Other Option: Chris Paddack ($5,600)
Omar Narváez, Milwaukee Brewers at San Francisco Giants ($4,500) — This game has a surprisingly low run total. Johnny Cueto ($7,700) is being given a lot of respect by the oddsmakers, but based on his price tag, DraftKings does not agree. Against left-handed batters, Cueto has allowed a .338 wOBA and a .202 ISO. Narváez has a .368 wOBA, .172 ISO, 130 wRC+ and a 17% K rate against right-handed pitchers.
Mike Zunino, Tampa Bay Rays vs. Boston Red Sox ($4,300) — DFS players love to chase cheap home runs from the catcher spot, but if they pay a little bit more, then they can increase their odds. Zunino has a lot of power against right-handed pitching (.253 ISO, 42% hard contact rate and a 51.6% fly ball rate) and Nick Pivetta ($6,800) allows hard contact (34%) and fly balls (44%) to right-handed batters resulting in 1.3 HR/9.
Other Option: Kyle Higashioka ($2,900), Gary Sanchez ($4,200)

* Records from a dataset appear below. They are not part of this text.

Lemma word_metric_sym x y : d x y = d y x.
Proof.
  destruct (word_metric_witness x y) as (l & W & L & P).
  assert (d y x <= length (rev (map ginv l))).
  { apply word_metric_le. now apply word_in_inv. rewrite word_prod_inv, P, ginv_mul, ginvK. auto. }
  destruct (word_metric_witness y x) as (l' & W' & L' & P').
  assert (d x y <= length (rev (map ginv l'))).
  { apply word_metric_le. now apply word_in_inv. rewrite word_prod_inv, P', ginv_mul, ginvK. auto. }
  rewrite length_rev, length_map in *. lia.
Qed.

Lemma word_metric_letter x a : S a \/ S (ginv a) -> d x (gmul x a) <= 1.
Proof. intro Ha. apply (word_metric_le _ _ [a]). constructor; auto. simpl. rewrite gmul1r, mulKg. auto. Qed.

End WordMetric.

Lemma word_metric_ext {G : group} (S S' : G -> Prop) d :
  (forall a, S a <-> S' a) -> word_metric S d -> word_metric S' d.
Proof.
  intros E Hd g h n. rewrite (Hd g h n).
  split; intros (l & W & R); exists l; split; auto; eapply word_in_ext; eauto; firstorder.
Qed.

Lemma nat_least (P : nat -> Prop) n : P n -> exists m, P m /\ forall k, P k -> m <= k.
Proof.
  revert P. induction n as [n IH] using (well_founded_induction Wf_nat.lt_wf). intros P Pn.
  destruct (classic (exists k, P k /\ k < n)) as [[k [Pk Lk]]|N].
  - exact (IH k Lk P Pk).
  - exists n. split; auto. intros k Pk. assert (n <= k \/ k < n) as [|] by lia; auto. exfalso; eauto.
Qed.

Lemma word_metric_exists {G : group} (S : G -> Prop) : generates S -> exists d, word_metric S d.
Proof.
  intro Gen.
  set (P := fun (g h : G) n => exists l, word_in S l /\ length l = n /\ word_prod l = gmul (ginv g) h).
  assert (Ex : forall g h, exists m, P g h m /\ forall k, P g h k -> m <= k).
  { intros g h. destruct (Gen (gmul (ginv g) h)) as [l [W E]]. apply (nat_least _ (length l)). exists l. auto. }
  exists (fun g h => epsilon (inhabits 0) (fun m => P g h m /\ forall k, P g h k -> m <= k)).
  intros g h n. pose proof (epsilon_spec (inhabits 0) _ (Ex g h)) as [[l (W & L & E)] M].
  split.
  - intro Le. exists l. split; auto. split; auto. lia.
  - intros (l' & W' & L' & E'). enough (length l <= length l') by lia. rewrite L. apply M. exists l'. auto.
Qed.

Lemma generates_of_words {G : group} (S S' : G -> Prop) : generates S' ->
  (forall a, S' a -> exists l, word_in S l /\ word_prod l = a) -> generates S.
Proof.
  intros Gen T g. destruct (Gen g) as [l [W E]]. subst g. induction l as [|a l IH].
  - exists []. split; auto. constructor.
  - inversion W as [|? ? Wa Wl]; subst. destruct (IH Wl) as [l2 [W2 E2]].
    assert (La : exists l1, word_in S l1 /\ word_prod l1 = a).
    { destruct Wa as [X|X]; auto. destruct (T _ X) as [l1 [W1 E1]]. exists (rev (map ginv l1)). split.
      - apply word_in_inv; auto.
      - rewrite word_prod_inv, E1, ginvK. auto. }
    destruct La as [l1 [W1 E1]]. exists (l1 ++ l2). split.
    + apply Forall_app; auto.
    + rewrite word_prod_app. simpl. congruence.
Qed.

Definition four_point {T} (d : T -> T -> nat) (delta : nat) (x y z w : T) : Prop :=
  let a := d x y + d z w in let b := d x z + d y w in let c := d x w + d y z in
  a <= Nat.max b c + delta /\ b <= Nat.max a c + delta /\ c <= Nat.max a b + delta.

Section FourPoint.
Context {T : Type} (d : T -> T -> nat) (Hs : forall x y, d x y = d y x).

Lemma four_point_swap12 dl x y z w : four_point d dl x y z w -> four_point d dl y x z w.
Proof. unfold four_point. rewrite (Hs y x), (Hs y z), (Hs y w), (Hs x z), (Hs x w). lia. Qed.

Lemma four_point_swap23 dl x y z w : four_point d dl x y z w -> four_point d dl x z y w.
Proof. unfold four_point. rewrite (Hs z y). lia. Qed.

Lemma four_point_swap34 dl x y z w : four_point d dl x y z w -> four_point d dl x y w z.
Proof. unfold four_point. rewrite (Hs w z). lia. Qed.

Lemma four_point_mono dl dl' x y z w : dl <= dl' -> four_point d dl x y z w -> four_point d dl' x y z w.
Proof. unfold four_point. lia. Qed.

Lemma four_point_hyperbolic dl : (forall x y z w, four_point d dl x y z w) -> gromov_hyperbolic d.
Proof.
  intro H. exists dl. intros x y z w. destruct (H x y z w) as (H1 & H2 & H3).
  unfold gromov2. rewrite (Hs y w), (Hs x w) in *. lia.
Qed.

Lemma hyperbolic_four_point : gromov_hyperbolic d -> exists dl, forall x y z w, four_point d dl x y z w.
Proof.
  intros [dl H]. exists dl. intros x y z w. unfold four_point.
  pose proof (H x y z w). pose proof (H x z y w). pose proof (H y z x w).
  unfold gromov2 in *. rewrite ?(Hs w x), ?(Hs w y), ?(Hs w z), ?(Hs z x), ?(Hs z y), ?(Hs y x) in *.
  lia.
Qed.

End FourPoint.

Lemma full_word_metric_hyperbolic {G : group} (d : G -> G -> nat) :
  word_metric (fun _ => True) d -> gromov_hyperbolic d.
Proof.
  intro Hd. assert (B1 : forall x y, d x y <= 1).
  { intros x y. rewrite <- (mulKVg G x y). apply (word_metric_letter Hd); auto. }
  apply (four_point_hyperbolic d (word_metric_sym Hd) 2). intros x y z w. unfold four_point.
  pose proof (B1 x y). pose proof (B1 z w). pose proof (B1 x z).
  pose proof (B1 y w). pose proof (B1 x w). pose proof (B1 y z). lia.
Qed.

Max Muncy, Los Angeles Dodgers vs. Atlanta Braves ($4,800) — The Dodgers as a whole struggle with left-handed pitching, but there are exceptions on the team and Muncy is the biggest exception — .401 wOBA, .262 ISO, 156 wRC+, 40% hard contact rate and a 16% K rate. Drew Smyly ($7,900) has struggled with right-handed batters — .338 wOBA, .243 ISO, 44% hard contact rate, 42% fly ball rate and 1.9 HR/9.
Other Option: Vladimir Guerrero Jr. ($6,200)

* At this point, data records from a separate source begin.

Lemma hom_eq0_src (X Y : C) (f : hom X Y) : idm X = 0 -> f = 0.
Proof. by move=> X0; rewrite -(cmp1r f) X0 cmp0r. Qed.

Lemma hom_eq0_tgt (X Y : C) (f : hom X Y) : idm Y = 0 -> f = 0.
Proof. by move=> Y0; rewrite -(cmp1l f) Y0 cmp0l. Qed.

Lemma iso_zero_obE (X : C) : iso X zero_ob <-> idm X = 0.
Proof.
split=> [[f [g [gf _]]]|X0].
  by rewrite -gf (hom_eq0_tgt f (zero_ob_zero C)) cmp0r.
by exists 0, 0; rewrite !cmp0l X0 zero_ob_zero.
Qed.

Lemma iso_refl (X : C) : iso X X.
Proof. by exists (idm X), (idm X); rewrite cmp1l. Qed.

Lemma iso_sym (X Y : C) : iso X Y -> iso Y X.
Proof. by move=> [f [g [gf fg]]]; exists g, f. Qed.

Lemma isIso_cmp (X Y Z : C) (g : hom Y Z) (f : hom X Y) :
  isIso f -> isIso g -> isIso (cmp g f).
Proof.
move=> [f' [f'f ff']] [g' [g'g gg']]; exists (cmp f' g'); split.
  by rewrite cmpA -(cmpA f') g'g cmp1r.
by rewrite cmpA -(cmpA g) ff' cmp1r.
Qed.

Lemma iso_trans (X Y Z : C) : iso X Y -> iso Y Z -> iso X Z.
Proof. by move=> [f isof] [g isog]; exists (cmp g f); apply: isIso_cmp. Qed.

End Preadditive.

Section Triangulated.
Variables (C : PreaddCat) (T : TriStruct C).

Lemma shm0 (X Y : C) : shm T (0 : hom X Y) = 0.
Proof. by apply: (addrI (shm T 0)); rewrite -shm_add !addr0. Qed.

Albert Pujols, Los Angeles Dodgers vs. Atlanta Braves ($2,400) — With a loaded roster, it isn’t easy for Pujols to sneak back into the lineup, but he deserves a spot against the lefty — .387 wOBA, .298 ISO, 147 wRC+, 41% hard contact rate and a 14% K rate. The veteran needs reps if the Dodgers are going to use him against left-handed pitching in the playoffs.
Other Option: Luke Voit ($3,300)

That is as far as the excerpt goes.